Crunchbase, which of course is particularly concerned with start-ups and their exits, notes that exits like IPOs have become an occasion for reputational attack through what Facebook calls “coordinated inauthenticity,” the creation and marshalling of bogus accounts to astroturf an illusion of grassroots opinion. Their article recommends looking for early signs of “a coordinated effort of online users looking to shock the market,” of signs that “supporters of a competitor” are trying to “sow discord,” or, perhaps, that “fake profiles are building upon existing discontent in your user base.”
"From there, companies have a myriad of options when it comes to leveraging these insights. If conversations have yet to go viral, taking down and reporting fake accounts can be an option for brands. Companies can even compile the fake posts and address them directly in their messaging response. Similarly, brands might want to release preemptive campaigns focused on promoting accurate information or debunking false claims to get ahead of potentially damaging narratives. But regardless of how companies choose to respond, they need to be prepared to detect, track and trace disinformation in real time as the market adjusts to the impact of online conversations.
"Arming your teams with the data of where these conversations are happening online—and how they’re spreading—is the critical first step to understanding how to take action. With the information in hand, leadership teams can make better decisions in how to respond publicly, how to engage or not engage in the conversation online, or inform any public-facing executives as it relates to their reputation.

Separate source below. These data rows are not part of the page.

Lemma horner_poch_poly r x : (poch_poly r).[x] = poch (x + 1) r.
Proof.
by rewrite horner_prod; apply: eq_bigr => i _; rewrite hornerD hornerX hornerC -natr1; ring.
Qed.

Lemma size_prod_XaddC_leq r (P : pred 'I_r) (c : 'I_r -> rat) :
  (size (\prod_(i < r | P i) ('X + (c i)%:P))%R <= r.+1)%N.
Proof.
apply: leq_trans (size_poly_prod_leq _ _) _.
under eq_bigr do rewrite size_XaddC.
rewrite sum_nat_const; have := max_card P; rewrite card_ord; lia.
Qed.

Lemma size_poch_poly r : (size (poch_poly r) <= r.+1)%N.
Proof. exact: (size_prod_XaddC_leq xpredT). Qed.

Lemma size_prod_XaddC_exp_leq r (P : pred 'I_r) (c : 'I_r -> rat) e :
  (size ((\prod_(i < r | P i) ('X + (c i)%:P)) ^+ e) <= r * e + 1)%N.
Proof.
apply: leq_trans (size_poly_exp_leq _ _) _; rewrite addn1 ltnS leq_mul2r.
by rewrite -subn1 leq_subLR add1n size_prod_XaddC_leq orbT.
Qed.

Definition poch_poly_rem r (l : 'I_r) : {poly rat} :=
  \prod_(i < r | i != l) ('X + (i.+1)%:R%:P).

Lemma poch_poly_remP r (l : 'I_r) :
  poch_poly r = ('X + (l.+1)%:R%:P) * poch_poly_rem l.
Proof. exact: bigD1. Qed.

Section MainCongruence.
Variables n r p : nat.
Hypothesis p_prime : prime p.
Hypothesis n_gt2 : (2 < n)%N.
Hypothesis n_lt_p : (n < p)%N.
Hypothesis rn_lt_p : (r * n + 1 < p)%N.

Local Notation q := r.+1.
Local Notation m := (p - r.+1)%N.
Local Notation x := (p%:R / n%:R : rat).

Definition summand k := poch (q%:R - x) k ^+ n / poch 1 k ^+ n.
(* j^n - n x j^(n-1), the part of (j - x)^n of order < 2 in x *)
Definition pow_lin (j : nat) : rat := j%:R ^+ n.-1 * (j%:R - p%:R).
Definition lin_term k := \prod_(i < k) pow_lin (q + i) / k`!%:R ^+ n.
Definition quad_coef := 'C(n, 2)%:R * x ^+ 2.

Lemma lt_rp : (r < p)%N.
Proof. by move: rn_lt_p n_gt2; nia. Qed.

Lemma lt_mp : (m < p)%N.
Proof. by have := prime_gt0 p_prime; lia. Qed.

Lemma n_x : n%:R * x = p%:R.
Proof. by rewrite mulrC divfK // pnatr_eq0 -lt0n (ltn_trans _ n_gt2). Qed.

Lemma x_pZp : x \in pZp p 1.
Proof. by rewrite pZpMr ?pZp_dvd // in_Zp_natV // (ltn_trans _ n_gt2). Qed.

Lemma quad_coef_pZp : quad_coef \in pZp p 2.
Proof. by rewrite pZpMl ?rpred_nat // (pZpX 2 x_pZp). Qed.

Lemma summand_tail k : (m < k < p)%N -> summand k \in pZp p 3.
Proof.
move=> /andP[lt_mk lt_kp]; have x_int := pZp_in_Zp p_prime x_pZp.
rewrite /summand poch1 -exprVn pZpMr ?rpredX ?in_Zp_factV //.
apply: (pZpW p_prime (_ : 3 <= 1 * n)%N); first by rewrite mul1n.
apply/pZpX/(poch_pZp lt_mk); first by rewrite rpredB ?rpred_nat.
have -> : q%:R - x + m%:R = p%:R * (1 - n%:R^-1).
  by rewrite -addrAC -natrD subnKC ?lt_rp //; ring.
by apply: pZpMr; rewrite ?pZp_dvd // rpredB ?rpred1 // in_Zp_natV // (ltn_trans _ n_gt2).
Qed.

Lemma pow_sub_congr j : (0 < j < p)%N ->
  (j%:R - x) ^+ n - pow_lin j * (1 + quad_coef / j%:R ^+ 2) \in pZp p 3.
Proof.
move=> j_range; have j_neq0 : j%:R != 0 :> rat by rewrite pnatr_eq0 -lt0n; case/andP: j_range.
have [x_1 g_2] := (x_pZp, quad_coef_pZp); rewrite /pow_lin /quad_coef in g_2 *.
move: n_x x_1 g_2; case: n n_gt2 => [|[|[|e]]] // _; set y := _ / _ => nx y_1 g_2.
have := exprB_pZp3 p_prime e.+1 (rpred_nat _ j) y_1.
set T := _ - _ + _ => expand.
have -> : (j%:R - y) ^+ e.+3 - j%:R ^+ e.+2 * (j%:R - p%:R) *
    (1 + 'C(e.+3, 2)%:R * y ^+ 2 / j%:R ^+ 2) =
    ((j%:R - y) ^+ e.+3 - T) + 'C(e.+3, 2)%:R * y ^+ 2 * p%:R * j%:R ^+ e :> rat.
  (* field cannot handle symbolic exponents, hence the generalizations *)
  rewrite /T -nx; move: ((j%:R - y) ^+ e.+3) => Z.
  by rewrite !exprS; move: (j%:R ^+ e) => Je; field.
apply: rpredD => //; apply: pZpMr; first by rewrite rpredX ?rpred_nat.
by rewrite -[3%N]/(2 + 1)%N; apply: pZpM => //; apply: pZp_dvd.
Qed.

But there are other, more workaday forms of commercial disinformation at play, too. A report by the Safety Detectives describes how an exposed ElasticSearch database revealed how an organized campaign of bogus Amazon reviews is organized:
"The server contained a treasure trove of direct messages between Amazon vendors and customers willing to provide fake reviews in exchange for free products. In total, 13,124,962 of these records (or 7 GB of data) have been exposed in the breach, potentially implicating more than 200,000 people in unethical activities.
"While it is unclear who owns the database, the breach demonstrates the inner workings of a prevalent issue affecting the online retail industry."